The AMITÉ ran from 2009 to 2012 and is now complete. This web page documents its accomplishments. For follow-on work, please see current work by the ANT Lab.

The goal of the AMITÉ research project is to develop new techniques, tools and datasets that provide a frequently-updated, edge-considering, annotated Internet topology. Unlike current work, our goal is to rapidly track Internet changes, to extend mapping as far to the Internet edges as possible, and to annotate the map with information about the network.

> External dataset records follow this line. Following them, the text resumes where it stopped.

(* Let $\mathbf{u}(\mathbf{x},t)$, $p(\mathbf{x},t)$, $\theta(\mathbf{x},t)$ be smooth solutions of the dimensionless incompressible, stratified, rotating Euler equations $$\frac{D\mathbf{u}}{Dt} + 2\boldsymbol{\Omega}\times\mathbf{u} + a_0\mathbf{k}\theta = -\nabla p,\qquad \operatorname{div}\mathbf{u}=0,\qquad \frac{D\theta}{Dt}=0,$$ where $\frac{D}{Dt}=\frac{\partial}{\partial t}+\mathbf{u}\cdot\nabla$, $\boldsymbol{\Omega}$ is the constant rotation vector, $\mathbf{k}$ the vertical unit vector and $a_0$ a constant. Let $q=(\boldsymbol{\omega}+2\boldsymbol{\Omega})\cdot\nabla\theta$ with $\boldsymbol{\omega}=\operatorname{curl}\mathbf{u}$, let $Q$ be a smooth function of one variable, and set $\boldsymbol{\mathcal{B}}=\nabla Q(q)\times\nabla\theta$, $\mathcal{B}=|\boldsymbol{\mathcal{B}}|$, $\hat{\boldsymbol{\mathcal{B}}}=\boldsymbol{\mathcal{B}}/\mathcal{B}$. Define $\mathbf{a}=\boldsymbol{\mathcal{B}}\cdot\nabla\mathbf{u}$ and $\mathbf{b}=\frac{D\mathbf{a}}{Dt}$ (which equals $-P\boldsymbol{\mathcal{B}}-\boldsymbol{\mathcal{B}}\cdot\nabla(2\boldsymbol{\Omega}\times\mathbf{u}+a_0\mathbf{k}\theta)$, where $P=(\partial^2 p/\partial x_i\partial x_j)$ is the pressure Hessian), and $$\boldsymbol{\chi}_a=\mathcal{B}^{-1}(\hat{\boldsymbol{\mathcal{B}}}\times\mathbf{a}),\qquad \boldsymbol{\chi}_b=\mathcal{B}^{-1}(\hat{\boldsymbol{\mathcal{B}}}\times\mathbf{b}),$$ with $\chi_a=|\boldsymbol{\chi}_a|$ and $\hat{\boldsymbol{\chi}}_a=\boldsymbol{\chi}_a/\chi_a$. Then, wherever $\mathcal{B}\neq0$ and $\chi_a\neq0$, the triple $\big(\hat{\boldsymbol{\mathcal{B}}},\,\hat{\boldsymbol{\chi}}_a,\,\hat{\boldsymbol{\mathcal{B}}}\times\hat{\boldsymbol{\chi}}_a\big)$ is an orthonormal frame whose Lagrangian time derivatives satisfy $$\frac{D\hat{\boldsymbol{\mathcal{B}}}}{Dt}=\mathbf{D}_a\times\hat{\boldsymbol{\mathcal{B}}},\qquad \frac{D(\hat{\boldsymbol{\mathcal{B}}}\times\hat{\boldsymbol{\chi}}_a)}{Dt}=\mathbf{D}_a\times(\hat{\boldsymbol{\mathcal{B}}}\times\hat{\boldsymbol{\chi}}_a),\qquad \frac{D\hat{\boldsymbol{\chi}}_a}{Dt}=\mathbf{D}_a\times\hat{\boldsymbol{\chi}}_a,$$ where the Darboux angular velocity vector is $$\mathbf{D}_a=\boldsymbol{\chi}_a+\frac{c_b}{\chi_a}\hat{\boldsymbol{\mathcal{B}}},\qquad c_b=\hat{\boldsymbol{\mathcal{B}}}\cdot(\hat{\boldsymbol{\chi}}_a\times\boldsymbol{\chi}_b).$$
   Context: All fields are smooth functions of position $\mathbf{x}\in\mathbb{R}^3$ and time $t$. $\frac{D}{Dt}=\partial_t+\mathbf{u}\cdot\nabla$ is the Lagrangian (material) time derivative along the fluid flow. For vectors, $\boldsymbol{\mathcal{B}}\cdot\nabla\mathbf{u}$ denotes the vector with components $\sum_j\mathcal{B}_j\partial_j u_i$. In this setting $\boldsymbol{\mathcal{B}}$ satisfies $\frac{D\boldsymbol{\mathcal{B}}}{Dt}=\boldsymbol{\mathcal{B}}\cdot\nabla\mathbf{u}$ and $\operatorname{div}\boldsymbol{\mathcal{B}}=0$. *)

From Stdlib Require Import Reals Lra.
From Coquelicot Require Import Coquelicot.
Open Scope R_scope.

Record V3 := mkV3 { v1 : R; v2 : R; v3 : R }.

Definition vadd (a b : V3) : V3 := mkV3 (v1 a + v1 b) (v2 a + v2 b) (v3 a + v3 b).
Definition vscal (c : R) (a : V3) : V3 := mkV3 (c * v1 a) (c * v2 a) (c * v3 a).
Definition vopp (a : V3) : V3 := vscal (-1) a.
Definition dot (a b : V3) : R := v1 a * v1 b + v2 a * v2 b + v3 a * v3 b.
Definition cross (a b : V3) : V3 :=
  mkV3 (v2 a * v3 b - v3 a * v2 b)
       (v3 a * v1 b - v1 a * v3 b)
       (v1 a * v2 b - v2 a * v1 b).
Definition vnorm (a : V3) : R := sqrt (dot a a).

Definition coord (i : nat) (a : V3) : R :=
  match i with 0%nat => v1 a | 1%nat => v2 a | _ => v3 a end.
Definition basis (i : nat) : V3 :=
  match i with 0%nat => mkV3 1 0 0 | 1%nat => mkV3 0 1 0 | _ => mkV3 0 0 1 end.
Definition kvec : V3 := basis 2.

Definition sfield := V3 -> R -> R.
Definition vfield := V3 -> R -> V3.

Definition comp (i : nat) (U : vfield) : sfield := fun x t => coord i (U x t).

Definition dx (i : nat) (f : sfield) : sfield :=
  fun x t => Derive (fun s => f (vadd x (vscal s (basis i))) t) 0.
Definition dt (f : sfield) : sfield := fun x t => Derive (fun s => f x s) t.

Definition cont4 (f : sfield) : Prop :=
  forall x t eps, 0 < eps -> exists delta, 0 < delta /\
    forall y s, Rabs (v1 y - v1 x) < delta -> Rabs (v2 y - v2 x) < delta ->
      Rabs (v3 y - v3 x) < delta -> Rabs (s - t) < delta ->
      Rabs (f y s - f x t) < eps.

Fixpoint Cn (n : nat) (f : sfield) : Prop :=
  cont4 f /\
  match n with
  | 0%nat => True
  | S m =>
      (forall i, (i < 3)%nat ->
         (forall x t, ex_derive (fun s => f (vadd x (vscal s (basis i))) t) 0)
         /\ Cn m (dx i f))
      /\ (forall x t, ex_derive (fun s => f x s) t) /\ Cn m (dt f)
  end.

Definition smooth_s (f : sfield) : Prop := forall n, Cn n f.
Definition smooth_v (U : vfield) : Prop := forall i, (i < 3)%nat -> smooth_s (comp i U).
Definition smooth1 (Q : R -> R) : Prop := forall n x, ex_derive_n Q n x.

Definition grad (f : sfield) : vfield :=
  fun x t => mkV3 (dx 0 f x t) (dx 1 f x t) (dx 2 f x t).
Definition div (U : vfield) : sfield :=
  fun x t => dx 0 (comp 0 U) x t + dx 1 (comp 1 U) x t + dx 2 (comp 2 U) x t.
Definition curl (U : vfield) : vfield :=
  fun x t => mkV3 (dx 1 (comp 2 U) x t - dx 2 (comp 1 U) x t)
                  (dx 2 (comp 0 U) x t - dx 0 (comp 2 U) x t)
                  (dx 0 (comp 1 U) x t - dx 1 (comp 0 U) x t).

(** (B . grad) U : components sum_j B_j d_j U_i *)
Definition dirderiv (B : vfield) (U : vfield) : vfield :=
  fun x t => mkV3 (dot (B x t) (grad (comp 0 U) x t))
                  (dot (B x t) (grad (comp 1 U) x t))
                  (dot (B x t) (grad (comp 2 U) x t)).

Definition matD (u : vfield) (f : sfield) : sfield :=
  fun x t => dt f x t + dot (u x t) (grad f x t).
Definition matDv (u : vfield) (W : vfield) : vfield :=
  fun x t => mkV3 (matD u (comp 0 W) x t) (matD u (comp 1 W) x t)
                  (matD u (comp 2 W) x t).

Section Quantities.
Variables (Omega : V3) (u : vfield) (theta : sfield) (Q : R -> R).

Definition qPV : sfield :=
  fun x t => dot (vadd (curl u x t) (vscal 2 Omega)) (grad theta x t).
Definition Bvec : vfield :=
  fun x t => cross (grad (fun y s => Q (qPV y s)) x t) (grad theta x t).
Definition Bnorm : sfield := fun x t => vnorm (Bvec x t).
Definition Bhat : vfield := fun x t => vscal (/ Bnorm x t) (Bvec x t).
Definition avec : vfield := dirderiv Bvec u.
Definition bvec : vfield := matDv u avec.
Definition chi_a : vfield :=
  fun x t => vscal (/ Bnorm x t) (cross (Bhat x t) (avec x t)).
Definition chi_b : vfield :=
  fun x t => vscal (/ Bnorm x t) (cross (Bhat x t) (bvec x t)).
Definition chi_a_norm : sfield := fun x t => vnorm (chi_a x t).
Definition chi_a_hat : vfield := fun x t => vscal (/ chi_a_norm x t) (chi_a x t).
Definition c_b : sfield :=
  fun x t => dot (Bhat x t) (cross (chi_a_hat x t) (chi_b x t)).
Definition Darboux_a : vfield :=
  fun x t => vadd (chi_a x t) (vscal (c_b x t / chi_a_norm x t) (Bhat x t)).
Definition third_vec : vfield := fun x t => cross (Bhat x t) (chi_a_hat x t).
End Quantities.

From Pilot Require Import Defs.
From Stdlib Require Import Reals Lra Lia Nsatz FunctionalExtensionality.
From Coquelicot Require Import Coquelicot.
Open Scope R_scope.

(* Write e = B/|B| and chi = (e × a)/|B|, where a = DB/Dt.  The unit vector e moves by the part
   of a/|B| orthogonal to e, which is chi × e.  Differentiating chi gives chi_b plus a multiple of
   chi, so its direction chi^ moves by the part of chi_b/|chi| orthogonal to chi^, namely
   (chi^ × chi_b) × chi^ / |chi|; since chi^ and chi_b are both orthogonal to e, chi^ × chi_b is
   c_b e, which accounts for the c_b/|chi| term of the Darboux vector.  The equation for e × chi^
   then follows from the Jacobi identity. *)

Ltac vec_expand :=
  repeat match goal with
  | v : V3 |- _ => let a := fresh "a" in let b := fresh "b" in let c := fresh "c" in
                   destruct v as [a b c]
  end;
  unfold vadd, vscal, dot, cross in *; cbn [v1 v2 v3] in *.

Lemma dot_comm a b : dot a b = dot b a.
Proof. vec_expand; ring. Qed.

Lemma dot_cross_l a b : dot a (cross a b) = 0.
Proof. vec_expand; ring. Qed.

Lemma dot_cross_r a b : dot b (cross a b) = 0.
Proof. vec_expand; ring. Qed.

Lemma dot_cross_cross a b :
  dot (cross a b) (cross a b) = dot a a * dot b b - dot a b * dot a b.
Proof. vec_expand; ring. Qed.

Lemma cross_jacobi d p q :
  cross d (cross p q) = vadd (cross (cross d p) q) (cross p (cross d q)).
Proof. vec_expand; f_equal; ring. Qed.

Lemma cross_cross_unit e v : dot e e = 1 ->
  cross (cross e v) e = vadd v (vscal (- dot v e) e).
Proof.
  intros He.
  transitivity (vadd (vscal (dot e e) v) (vscal (- dot v e) e)).
  - vec_expand; f_equal; ring.
  - rewrite He; vec_expand; f_equal; ring.
Qed.

Lemma cross_orthogonal_unit e v w : dot e e = 1 -> dot e v = 0 -> dot e w = 0 ->
  cross v w = vscal (dot e (cross v w)) e.
Proof. vec_expand; intros He Hv Hw; f_equal; nsatz. Qed.

Definition orthonormal (a b c : V3) : Prop :=
  dot a a = 1 /\ dot b b = 1 /\ dot c c = 1 /\
  dot a b = 0 /\ dot a c = 0 /\ dot b c = 0.

Lemma orthonormal_cross e f : dot e e = 1 -> dot f f = 1 -> dot e f = 0 ->
  orthonormal e f (cross e f).
Proof.
  intros He Hf Hef; repeat split; auto using dot_cross_l, dot_cross_r.
  rewrite dot_cross_cross, He, Hf, Hef; ring.
Qed.

Lemma vnorm_neq0_pos w : vnorm w <> 0 -> 0 < dot w w.
Proof.
  intros Hw; destruct (Rlt_or_le 0 (dot w w)) as [H|H]; auto.
  exfalso; apply Hw, sqrt_neg_0, H.
Qed.

Lemma vnorm_sqr w : vnorm w * vnorm w = dot w w.
Proof. apply sqrt_sqrt; vec_expand; nra. Qed.

Lemma cross_vscal_l k a b : cross (vscal k a) b = vscal k (cross a b).
Proof. vec_expand; f_equal; ring. Qed.

Lemma cross_vadd_vscal_l p q c : cross (vadd p (vscal c q)) q = cross p q.
Proof. vec_expand; f_equal; ring. Qed.

Lemma cross_vscal_vadd_vscal k l p q :
  cross (vscal k p) (vadd q (vscal l p)) = cross (vscal k p) q.
Proof. vec_expand; f_equal; ring. Qed.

We expect that the resulting Internet mapping techniques and tools will be useful to understand other complex network topologies in greater detail. We expect that the maps themselves will be useful to other researchers to understand and improve network security and defenses, how the Internet is used, and how to better guide its evolution. We plan to make our data and tools available as possible through the PREDICT program and on request.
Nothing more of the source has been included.